**Data**
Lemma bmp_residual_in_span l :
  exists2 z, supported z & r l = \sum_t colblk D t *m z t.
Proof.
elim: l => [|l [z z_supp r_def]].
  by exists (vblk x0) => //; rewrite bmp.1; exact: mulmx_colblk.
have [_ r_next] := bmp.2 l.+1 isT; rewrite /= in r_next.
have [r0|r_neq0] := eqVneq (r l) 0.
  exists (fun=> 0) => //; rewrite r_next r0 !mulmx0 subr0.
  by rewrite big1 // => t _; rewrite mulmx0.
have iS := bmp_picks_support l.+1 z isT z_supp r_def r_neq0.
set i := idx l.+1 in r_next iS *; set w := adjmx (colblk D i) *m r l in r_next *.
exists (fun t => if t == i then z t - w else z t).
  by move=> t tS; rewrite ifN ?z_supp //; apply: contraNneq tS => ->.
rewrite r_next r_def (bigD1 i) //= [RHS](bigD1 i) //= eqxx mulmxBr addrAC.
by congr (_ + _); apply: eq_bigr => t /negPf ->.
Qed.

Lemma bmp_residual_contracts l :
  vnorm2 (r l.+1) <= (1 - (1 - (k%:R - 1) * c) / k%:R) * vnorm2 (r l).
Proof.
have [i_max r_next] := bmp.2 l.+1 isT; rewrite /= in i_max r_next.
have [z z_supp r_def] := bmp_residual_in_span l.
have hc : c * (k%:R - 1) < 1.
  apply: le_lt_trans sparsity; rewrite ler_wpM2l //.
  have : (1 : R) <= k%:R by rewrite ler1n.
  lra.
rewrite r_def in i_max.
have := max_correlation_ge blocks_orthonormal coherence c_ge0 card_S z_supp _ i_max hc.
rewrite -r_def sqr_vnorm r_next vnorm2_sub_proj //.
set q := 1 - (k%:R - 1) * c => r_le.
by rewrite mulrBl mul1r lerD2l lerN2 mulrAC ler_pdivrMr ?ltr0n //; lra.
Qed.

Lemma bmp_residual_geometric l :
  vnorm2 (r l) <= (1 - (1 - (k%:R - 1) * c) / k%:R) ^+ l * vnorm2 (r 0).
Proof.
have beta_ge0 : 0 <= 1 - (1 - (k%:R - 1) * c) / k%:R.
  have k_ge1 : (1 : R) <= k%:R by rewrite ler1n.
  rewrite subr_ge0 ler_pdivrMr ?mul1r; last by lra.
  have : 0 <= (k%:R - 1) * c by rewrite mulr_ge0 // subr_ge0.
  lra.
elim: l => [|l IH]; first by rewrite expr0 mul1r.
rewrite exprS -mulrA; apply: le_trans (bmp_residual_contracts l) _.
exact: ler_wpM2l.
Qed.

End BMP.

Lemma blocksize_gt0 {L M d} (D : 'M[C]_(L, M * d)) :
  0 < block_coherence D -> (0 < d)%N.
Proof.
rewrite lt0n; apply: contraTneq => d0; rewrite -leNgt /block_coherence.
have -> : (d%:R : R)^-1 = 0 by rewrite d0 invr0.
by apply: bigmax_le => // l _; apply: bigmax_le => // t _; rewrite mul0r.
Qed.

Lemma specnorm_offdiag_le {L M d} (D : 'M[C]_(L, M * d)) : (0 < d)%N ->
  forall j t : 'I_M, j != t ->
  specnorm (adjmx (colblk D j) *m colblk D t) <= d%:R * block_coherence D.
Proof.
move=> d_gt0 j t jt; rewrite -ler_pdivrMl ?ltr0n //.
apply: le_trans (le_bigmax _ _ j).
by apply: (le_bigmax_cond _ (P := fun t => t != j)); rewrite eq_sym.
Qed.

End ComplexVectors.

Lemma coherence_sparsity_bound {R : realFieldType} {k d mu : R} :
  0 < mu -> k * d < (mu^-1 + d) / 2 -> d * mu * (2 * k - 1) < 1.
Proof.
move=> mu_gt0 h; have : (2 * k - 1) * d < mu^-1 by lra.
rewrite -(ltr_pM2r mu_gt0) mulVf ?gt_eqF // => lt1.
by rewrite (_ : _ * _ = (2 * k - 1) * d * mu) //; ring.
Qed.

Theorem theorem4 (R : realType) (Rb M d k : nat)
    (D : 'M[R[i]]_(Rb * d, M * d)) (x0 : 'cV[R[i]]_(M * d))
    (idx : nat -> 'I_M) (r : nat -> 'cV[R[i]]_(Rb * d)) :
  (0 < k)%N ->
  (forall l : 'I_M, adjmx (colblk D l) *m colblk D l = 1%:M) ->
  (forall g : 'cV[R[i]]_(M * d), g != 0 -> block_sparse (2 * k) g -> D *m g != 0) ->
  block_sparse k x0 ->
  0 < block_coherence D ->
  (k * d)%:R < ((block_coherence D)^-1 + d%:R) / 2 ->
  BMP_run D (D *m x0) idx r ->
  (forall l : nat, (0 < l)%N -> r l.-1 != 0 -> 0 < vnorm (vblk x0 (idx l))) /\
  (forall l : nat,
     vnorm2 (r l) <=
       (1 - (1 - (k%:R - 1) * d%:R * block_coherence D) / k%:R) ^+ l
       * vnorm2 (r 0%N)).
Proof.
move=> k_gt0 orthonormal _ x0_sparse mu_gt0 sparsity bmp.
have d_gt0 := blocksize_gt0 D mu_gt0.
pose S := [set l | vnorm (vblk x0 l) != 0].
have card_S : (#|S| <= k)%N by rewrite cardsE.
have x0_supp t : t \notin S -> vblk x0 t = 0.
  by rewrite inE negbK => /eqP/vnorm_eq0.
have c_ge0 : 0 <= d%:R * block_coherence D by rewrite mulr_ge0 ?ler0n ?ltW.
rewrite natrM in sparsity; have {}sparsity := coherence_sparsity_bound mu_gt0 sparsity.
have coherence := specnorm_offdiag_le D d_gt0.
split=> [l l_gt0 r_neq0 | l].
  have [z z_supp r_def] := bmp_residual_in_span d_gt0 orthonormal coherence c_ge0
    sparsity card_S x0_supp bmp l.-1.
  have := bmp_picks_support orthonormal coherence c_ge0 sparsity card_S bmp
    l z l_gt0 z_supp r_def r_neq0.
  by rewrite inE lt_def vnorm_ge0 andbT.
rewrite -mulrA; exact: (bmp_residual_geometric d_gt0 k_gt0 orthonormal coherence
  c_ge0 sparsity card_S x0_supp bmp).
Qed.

--

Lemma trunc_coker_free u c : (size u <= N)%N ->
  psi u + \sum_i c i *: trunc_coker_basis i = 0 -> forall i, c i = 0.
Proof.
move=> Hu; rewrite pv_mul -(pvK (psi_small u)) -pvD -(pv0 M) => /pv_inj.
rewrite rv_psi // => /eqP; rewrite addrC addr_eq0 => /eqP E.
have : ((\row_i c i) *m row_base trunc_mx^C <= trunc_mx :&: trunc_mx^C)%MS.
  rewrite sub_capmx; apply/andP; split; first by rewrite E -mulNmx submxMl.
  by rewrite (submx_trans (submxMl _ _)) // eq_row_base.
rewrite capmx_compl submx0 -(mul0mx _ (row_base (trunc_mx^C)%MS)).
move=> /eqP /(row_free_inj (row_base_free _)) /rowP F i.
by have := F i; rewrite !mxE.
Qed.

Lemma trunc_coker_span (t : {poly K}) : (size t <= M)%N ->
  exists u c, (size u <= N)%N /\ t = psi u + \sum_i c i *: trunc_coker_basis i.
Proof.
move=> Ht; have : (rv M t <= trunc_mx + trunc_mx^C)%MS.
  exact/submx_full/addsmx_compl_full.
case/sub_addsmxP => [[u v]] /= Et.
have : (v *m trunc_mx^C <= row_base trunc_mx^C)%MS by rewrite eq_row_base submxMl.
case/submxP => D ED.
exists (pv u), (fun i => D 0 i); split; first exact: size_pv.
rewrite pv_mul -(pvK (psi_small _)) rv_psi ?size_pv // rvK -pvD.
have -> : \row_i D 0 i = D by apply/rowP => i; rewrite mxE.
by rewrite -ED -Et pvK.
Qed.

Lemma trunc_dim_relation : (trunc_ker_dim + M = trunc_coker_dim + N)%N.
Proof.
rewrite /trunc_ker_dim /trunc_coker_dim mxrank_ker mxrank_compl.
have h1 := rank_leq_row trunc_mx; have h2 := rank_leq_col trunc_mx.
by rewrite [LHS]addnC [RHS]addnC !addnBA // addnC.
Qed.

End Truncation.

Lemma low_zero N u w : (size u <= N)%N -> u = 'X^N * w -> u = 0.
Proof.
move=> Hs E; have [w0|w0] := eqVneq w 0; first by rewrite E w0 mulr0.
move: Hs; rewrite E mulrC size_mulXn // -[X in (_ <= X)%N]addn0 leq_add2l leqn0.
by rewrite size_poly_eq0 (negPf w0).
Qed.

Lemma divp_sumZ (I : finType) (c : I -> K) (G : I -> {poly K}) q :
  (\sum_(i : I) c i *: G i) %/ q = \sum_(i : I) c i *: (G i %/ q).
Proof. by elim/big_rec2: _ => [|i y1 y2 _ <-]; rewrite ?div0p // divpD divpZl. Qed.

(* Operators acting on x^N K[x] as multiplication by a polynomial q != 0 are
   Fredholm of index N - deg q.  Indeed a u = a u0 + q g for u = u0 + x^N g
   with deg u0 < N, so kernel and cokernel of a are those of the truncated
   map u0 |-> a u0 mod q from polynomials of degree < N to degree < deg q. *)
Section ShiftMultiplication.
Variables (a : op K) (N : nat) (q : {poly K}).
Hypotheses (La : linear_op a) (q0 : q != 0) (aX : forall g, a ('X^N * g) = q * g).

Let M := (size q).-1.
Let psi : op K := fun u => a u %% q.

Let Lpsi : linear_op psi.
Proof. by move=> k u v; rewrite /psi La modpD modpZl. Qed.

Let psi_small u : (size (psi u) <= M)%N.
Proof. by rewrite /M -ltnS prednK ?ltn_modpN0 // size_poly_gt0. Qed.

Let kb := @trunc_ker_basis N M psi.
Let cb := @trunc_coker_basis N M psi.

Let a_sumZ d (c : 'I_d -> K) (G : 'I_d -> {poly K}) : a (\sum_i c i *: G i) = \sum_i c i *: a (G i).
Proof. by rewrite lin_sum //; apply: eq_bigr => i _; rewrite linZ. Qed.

**Problem description**
From the records above, reproduce exactly the lines from the one with "have -> : \row_i" to the one with "Fredholm of index", both included, and no others.

**Reply**
have -> : \row_i D 0 i = D by apply/rowP => i; rewrite mxE.
by rewrite -ED -Et pvK.
Qed.

Lemma trunc_dim_relation : (trunc_ker_dim + M = trunc_coker_dim + N)%N.
Proof.
rewrite /trunc_ker_dim /trunc_coker_dim mxrank_ker mxrank_compl.
have h1 := rank_leq_row trunc_mx; have h2 := rank_leq_col trunc_mx.
by rewrite [LHS]addnC [RHS]addnC !addnBA // addnC.
Qed.

End Truncation.

Lemma low_zero N u w : (size u <= N)%N -> u = 'X^N * w -> u = 0.
Proof.
move=> Hs E; have [w0|w0] := eqVneq w 0; first by rewrite E w0 mulr0.
move: Hs; rewrite E mulrC size_mulXn // -[X in (_ <= X)%N]addn0 leq_add2l leqn0.
by rewrite size_poly_eq0 (negPf w0).
Qed.

Lemma divp_sumZ (I : finType) (c : I -> K) (G : I -> {poly K}) q :
  (\sum_(i : I) c i *: G i) %/ q = \sum_(i : I) c i *: (G i %/ q).
Proof. by elim/big_rec2: _ => [|i y1 y2 _ <-]; rewrite ?div0p // divpD divpZl. Qed.

(* Operators acting on x^N K[x] as multiplication by a polynomial q != 0 are
   Fredholm of index N - deg q.  Indeed a u = a u0 + q g for u = u0 + x^N g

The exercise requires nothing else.